» Stored data entries
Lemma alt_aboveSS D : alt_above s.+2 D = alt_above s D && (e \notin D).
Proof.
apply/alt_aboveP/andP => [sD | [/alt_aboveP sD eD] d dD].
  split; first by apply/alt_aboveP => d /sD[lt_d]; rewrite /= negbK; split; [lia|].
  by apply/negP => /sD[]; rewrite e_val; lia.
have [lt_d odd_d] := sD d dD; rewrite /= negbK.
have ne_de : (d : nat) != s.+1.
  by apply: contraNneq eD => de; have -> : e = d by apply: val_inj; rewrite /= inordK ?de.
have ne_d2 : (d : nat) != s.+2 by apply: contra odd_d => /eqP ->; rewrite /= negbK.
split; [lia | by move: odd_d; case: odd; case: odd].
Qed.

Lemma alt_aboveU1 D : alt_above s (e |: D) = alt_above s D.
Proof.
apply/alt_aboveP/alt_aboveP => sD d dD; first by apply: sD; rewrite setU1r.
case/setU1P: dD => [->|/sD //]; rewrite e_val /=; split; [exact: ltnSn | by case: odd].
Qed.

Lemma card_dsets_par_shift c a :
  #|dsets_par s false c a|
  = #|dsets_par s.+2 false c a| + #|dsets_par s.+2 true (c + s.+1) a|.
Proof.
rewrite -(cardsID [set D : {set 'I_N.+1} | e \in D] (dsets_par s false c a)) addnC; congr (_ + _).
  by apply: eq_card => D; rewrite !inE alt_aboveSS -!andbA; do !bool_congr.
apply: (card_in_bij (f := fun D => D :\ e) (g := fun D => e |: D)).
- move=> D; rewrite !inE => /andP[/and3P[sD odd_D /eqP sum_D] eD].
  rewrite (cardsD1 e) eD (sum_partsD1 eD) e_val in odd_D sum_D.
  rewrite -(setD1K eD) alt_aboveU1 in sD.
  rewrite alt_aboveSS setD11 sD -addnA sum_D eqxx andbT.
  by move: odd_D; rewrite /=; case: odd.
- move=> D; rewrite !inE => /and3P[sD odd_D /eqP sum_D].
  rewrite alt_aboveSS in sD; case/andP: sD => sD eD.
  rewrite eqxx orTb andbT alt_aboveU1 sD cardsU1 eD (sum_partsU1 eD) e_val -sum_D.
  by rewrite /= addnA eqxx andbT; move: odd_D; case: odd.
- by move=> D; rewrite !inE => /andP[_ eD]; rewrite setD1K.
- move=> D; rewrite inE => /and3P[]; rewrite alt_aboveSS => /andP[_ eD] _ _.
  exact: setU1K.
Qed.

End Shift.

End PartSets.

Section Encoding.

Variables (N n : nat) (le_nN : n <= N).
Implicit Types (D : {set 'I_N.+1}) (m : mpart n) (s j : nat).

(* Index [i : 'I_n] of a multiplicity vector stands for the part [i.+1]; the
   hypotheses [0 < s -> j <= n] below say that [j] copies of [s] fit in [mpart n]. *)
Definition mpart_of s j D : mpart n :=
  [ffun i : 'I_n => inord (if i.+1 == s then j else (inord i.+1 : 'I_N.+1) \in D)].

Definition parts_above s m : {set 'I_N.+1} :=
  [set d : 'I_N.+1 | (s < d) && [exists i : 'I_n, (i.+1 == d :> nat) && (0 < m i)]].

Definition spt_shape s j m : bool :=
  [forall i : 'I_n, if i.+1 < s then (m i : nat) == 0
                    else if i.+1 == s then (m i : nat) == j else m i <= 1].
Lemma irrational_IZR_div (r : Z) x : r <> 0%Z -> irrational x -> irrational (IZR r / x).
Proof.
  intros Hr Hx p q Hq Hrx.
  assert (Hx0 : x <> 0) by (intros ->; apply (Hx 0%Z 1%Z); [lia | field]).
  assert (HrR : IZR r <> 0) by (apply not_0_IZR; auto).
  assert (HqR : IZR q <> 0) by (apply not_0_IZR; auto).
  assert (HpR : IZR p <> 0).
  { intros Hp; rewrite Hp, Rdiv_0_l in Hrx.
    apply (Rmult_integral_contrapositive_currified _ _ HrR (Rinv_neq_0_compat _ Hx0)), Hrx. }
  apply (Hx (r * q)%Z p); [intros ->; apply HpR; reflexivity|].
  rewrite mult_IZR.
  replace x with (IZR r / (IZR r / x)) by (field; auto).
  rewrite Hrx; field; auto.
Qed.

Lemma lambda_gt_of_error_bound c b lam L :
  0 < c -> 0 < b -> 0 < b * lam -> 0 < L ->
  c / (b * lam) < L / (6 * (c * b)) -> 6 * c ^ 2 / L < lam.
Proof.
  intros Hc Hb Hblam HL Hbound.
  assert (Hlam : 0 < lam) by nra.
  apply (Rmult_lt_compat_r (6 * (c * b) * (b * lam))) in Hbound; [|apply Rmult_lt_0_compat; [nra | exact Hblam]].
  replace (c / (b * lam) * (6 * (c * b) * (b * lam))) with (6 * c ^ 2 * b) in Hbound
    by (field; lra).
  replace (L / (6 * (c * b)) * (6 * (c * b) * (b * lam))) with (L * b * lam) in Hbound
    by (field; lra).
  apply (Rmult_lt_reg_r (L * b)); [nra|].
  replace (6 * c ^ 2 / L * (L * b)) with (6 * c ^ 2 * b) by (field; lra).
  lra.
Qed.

---

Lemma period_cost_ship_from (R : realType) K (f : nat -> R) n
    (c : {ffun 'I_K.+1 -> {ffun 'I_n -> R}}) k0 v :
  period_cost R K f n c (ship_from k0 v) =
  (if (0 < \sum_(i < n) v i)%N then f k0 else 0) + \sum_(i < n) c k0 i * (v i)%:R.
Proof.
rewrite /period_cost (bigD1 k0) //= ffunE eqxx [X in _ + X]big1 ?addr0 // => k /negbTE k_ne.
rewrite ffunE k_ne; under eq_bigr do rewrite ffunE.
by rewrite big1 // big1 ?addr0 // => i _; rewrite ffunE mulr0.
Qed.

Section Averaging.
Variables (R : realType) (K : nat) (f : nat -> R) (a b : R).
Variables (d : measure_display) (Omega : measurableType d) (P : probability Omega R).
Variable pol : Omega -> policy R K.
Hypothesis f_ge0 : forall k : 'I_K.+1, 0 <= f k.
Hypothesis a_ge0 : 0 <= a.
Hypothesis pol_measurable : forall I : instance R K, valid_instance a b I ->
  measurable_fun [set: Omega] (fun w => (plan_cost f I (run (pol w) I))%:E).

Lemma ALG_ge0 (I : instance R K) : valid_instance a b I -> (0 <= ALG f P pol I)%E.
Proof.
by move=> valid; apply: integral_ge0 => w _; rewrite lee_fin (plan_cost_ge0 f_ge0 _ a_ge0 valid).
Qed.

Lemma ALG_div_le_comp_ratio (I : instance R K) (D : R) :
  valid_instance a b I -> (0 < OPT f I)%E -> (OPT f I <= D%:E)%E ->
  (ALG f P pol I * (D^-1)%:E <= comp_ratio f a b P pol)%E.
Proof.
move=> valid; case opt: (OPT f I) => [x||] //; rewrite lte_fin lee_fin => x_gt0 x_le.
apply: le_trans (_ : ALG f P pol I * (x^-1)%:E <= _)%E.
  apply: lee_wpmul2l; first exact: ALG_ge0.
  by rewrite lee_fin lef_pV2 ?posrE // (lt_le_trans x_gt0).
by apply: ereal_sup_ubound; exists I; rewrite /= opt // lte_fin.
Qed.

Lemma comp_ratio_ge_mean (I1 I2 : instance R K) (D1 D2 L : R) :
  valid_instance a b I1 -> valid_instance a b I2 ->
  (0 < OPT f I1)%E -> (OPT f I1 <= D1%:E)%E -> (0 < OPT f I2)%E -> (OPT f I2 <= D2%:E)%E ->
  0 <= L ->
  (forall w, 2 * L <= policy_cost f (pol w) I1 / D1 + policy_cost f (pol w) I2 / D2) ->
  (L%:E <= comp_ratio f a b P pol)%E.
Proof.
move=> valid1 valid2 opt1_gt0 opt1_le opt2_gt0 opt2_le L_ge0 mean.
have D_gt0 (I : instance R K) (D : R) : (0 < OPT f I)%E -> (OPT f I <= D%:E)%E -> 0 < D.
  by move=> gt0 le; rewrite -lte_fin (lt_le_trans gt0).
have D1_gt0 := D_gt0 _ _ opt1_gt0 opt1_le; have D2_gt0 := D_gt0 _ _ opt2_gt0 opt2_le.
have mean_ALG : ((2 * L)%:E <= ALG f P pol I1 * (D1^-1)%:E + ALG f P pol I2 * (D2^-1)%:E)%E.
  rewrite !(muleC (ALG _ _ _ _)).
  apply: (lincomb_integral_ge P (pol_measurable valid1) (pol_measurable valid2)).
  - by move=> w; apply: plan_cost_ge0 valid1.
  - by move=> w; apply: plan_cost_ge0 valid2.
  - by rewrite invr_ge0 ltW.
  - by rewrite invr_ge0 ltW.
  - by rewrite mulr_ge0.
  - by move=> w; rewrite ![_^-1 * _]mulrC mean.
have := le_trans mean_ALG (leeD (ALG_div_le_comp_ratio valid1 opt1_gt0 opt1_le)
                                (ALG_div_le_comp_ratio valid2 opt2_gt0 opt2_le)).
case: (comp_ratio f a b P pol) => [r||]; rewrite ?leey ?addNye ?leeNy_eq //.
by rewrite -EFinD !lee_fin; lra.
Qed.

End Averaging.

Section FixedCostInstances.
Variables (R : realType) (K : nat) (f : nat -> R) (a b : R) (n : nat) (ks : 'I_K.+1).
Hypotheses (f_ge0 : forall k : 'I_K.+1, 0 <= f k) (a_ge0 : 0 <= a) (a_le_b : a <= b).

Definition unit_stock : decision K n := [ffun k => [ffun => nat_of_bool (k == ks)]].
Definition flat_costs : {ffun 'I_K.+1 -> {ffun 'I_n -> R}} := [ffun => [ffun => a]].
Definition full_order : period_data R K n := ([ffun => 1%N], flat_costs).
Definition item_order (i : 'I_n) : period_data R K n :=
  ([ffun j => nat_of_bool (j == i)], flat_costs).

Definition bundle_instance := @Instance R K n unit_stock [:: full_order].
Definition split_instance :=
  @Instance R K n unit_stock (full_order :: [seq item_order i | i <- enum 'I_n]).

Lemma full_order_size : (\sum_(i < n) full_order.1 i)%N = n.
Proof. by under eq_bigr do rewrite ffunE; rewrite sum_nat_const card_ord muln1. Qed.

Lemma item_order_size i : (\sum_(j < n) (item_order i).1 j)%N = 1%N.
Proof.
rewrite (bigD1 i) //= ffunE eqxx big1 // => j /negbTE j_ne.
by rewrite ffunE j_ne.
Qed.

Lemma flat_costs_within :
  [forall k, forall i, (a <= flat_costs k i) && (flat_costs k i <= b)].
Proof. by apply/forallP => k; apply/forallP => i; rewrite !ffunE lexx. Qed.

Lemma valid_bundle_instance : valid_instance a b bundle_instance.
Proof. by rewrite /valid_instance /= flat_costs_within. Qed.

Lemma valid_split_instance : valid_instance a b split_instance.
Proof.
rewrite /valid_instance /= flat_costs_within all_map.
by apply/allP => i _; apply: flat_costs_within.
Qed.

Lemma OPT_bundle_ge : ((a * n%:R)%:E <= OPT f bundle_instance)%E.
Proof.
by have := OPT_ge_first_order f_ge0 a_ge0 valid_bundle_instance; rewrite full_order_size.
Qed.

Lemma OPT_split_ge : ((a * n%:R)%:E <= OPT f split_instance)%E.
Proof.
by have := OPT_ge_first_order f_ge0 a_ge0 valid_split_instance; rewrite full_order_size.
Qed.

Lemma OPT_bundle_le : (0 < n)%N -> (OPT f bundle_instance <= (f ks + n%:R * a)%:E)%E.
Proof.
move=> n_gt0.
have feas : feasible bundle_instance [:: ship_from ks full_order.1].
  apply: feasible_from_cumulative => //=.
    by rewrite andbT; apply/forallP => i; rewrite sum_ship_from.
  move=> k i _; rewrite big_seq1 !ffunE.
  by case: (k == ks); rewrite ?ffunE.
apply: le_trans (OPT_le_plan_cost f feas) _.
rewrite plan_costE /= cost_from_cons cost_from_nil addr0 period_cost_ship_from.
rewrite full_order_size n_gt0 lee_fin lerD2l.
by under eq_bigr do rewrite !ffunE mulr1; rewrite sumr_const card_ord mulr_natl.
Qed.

--

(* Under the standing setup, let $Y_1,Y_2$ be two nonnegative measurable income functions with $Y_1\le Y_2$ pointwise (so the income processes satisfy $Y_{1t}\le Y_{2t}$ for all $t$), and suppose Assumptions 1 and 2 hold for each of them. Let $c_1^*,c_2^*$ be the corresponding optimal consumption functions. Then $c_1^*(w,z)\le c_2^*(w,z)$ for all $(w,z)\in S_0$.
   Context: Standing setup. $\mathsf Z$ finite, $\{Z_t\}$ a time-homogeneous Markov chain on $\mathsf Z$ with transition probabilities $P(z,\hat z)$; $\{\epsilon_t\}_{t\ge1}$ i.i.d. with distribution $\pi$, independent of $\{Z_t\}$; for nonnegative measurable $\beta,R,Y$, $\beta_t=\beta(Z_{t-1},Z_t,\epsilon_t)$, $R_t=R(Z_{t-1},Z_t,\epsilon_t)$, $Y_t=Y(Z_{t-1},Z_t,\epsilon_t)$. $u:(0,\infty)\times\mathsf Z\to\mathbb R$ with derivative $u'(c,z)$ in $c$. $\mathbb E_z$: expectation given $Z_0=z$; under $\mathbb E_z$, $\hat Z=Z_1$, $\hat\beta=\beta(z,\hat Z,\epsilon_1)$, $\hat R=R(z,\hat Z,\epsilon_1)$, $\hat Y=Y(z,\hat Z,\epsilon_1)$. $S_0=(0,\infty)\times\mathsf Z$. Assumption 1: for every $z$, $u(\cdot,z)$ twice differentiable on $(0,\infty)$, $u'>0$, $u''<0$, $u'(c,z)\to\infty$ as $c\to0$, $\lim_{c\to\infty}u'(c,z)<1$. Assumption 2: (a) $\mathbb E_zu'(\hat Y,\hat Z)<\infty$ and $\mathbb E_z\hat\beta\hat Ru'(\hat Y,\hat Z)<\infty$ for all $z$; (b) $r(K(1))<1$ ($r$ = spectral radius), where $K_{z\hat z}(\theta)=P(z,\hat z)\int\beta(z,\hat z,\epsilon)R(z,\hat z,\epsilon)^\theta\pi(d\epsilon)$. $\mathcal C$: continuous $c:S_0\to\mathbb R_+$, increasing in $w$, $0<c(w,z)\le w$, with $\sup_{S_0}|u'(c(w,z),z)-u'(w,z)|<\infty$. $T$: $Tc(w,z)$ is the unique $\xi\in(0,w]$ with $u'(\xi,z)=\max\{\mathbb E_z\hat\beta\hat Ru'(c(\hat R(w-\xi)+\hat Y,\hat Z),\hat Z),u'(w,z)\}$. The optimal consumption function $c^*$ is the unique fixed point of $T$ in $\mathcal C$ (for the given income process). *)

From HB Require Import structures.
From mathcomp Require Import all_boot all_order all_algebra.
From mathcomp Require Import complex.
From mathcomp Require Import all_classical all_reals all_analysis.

» What you need to do
Your answer should be the lines above from the one containing "by apply: eq_card" through the one containing "rewrite alt_aboveSS in", copied exactly and with both ends kept.

» Output below
  by apply: eq_card => D; rewrite !inE alt_aboveSS -!andbA; do !bool_congr.
apply: (card_in_bij (f := fun D => D :\ e) (g := fun D => e |: D)).
- move=> D; rewrite !inE => /andP[/and3P[sD odd_D /eqP sum_D] eD].
  rewrite (cardsD1 e) eD (sum_partsD1 eD) e_val in odd_D sum_D.
  rewrite -(setD1K eD) alt_aboveU1 in sD.
  rewrite alt_aboveSS setD11 sD -addnA sum_D eqxx andbT.
  by move: odd_D; rewrite /=; case: odd.
- move=> D; rewrite !inE => /and3P[sD odd_D /eqP sum_D].
  rewrite alt_aboveSS in sD; case/andP: sD => sD eD.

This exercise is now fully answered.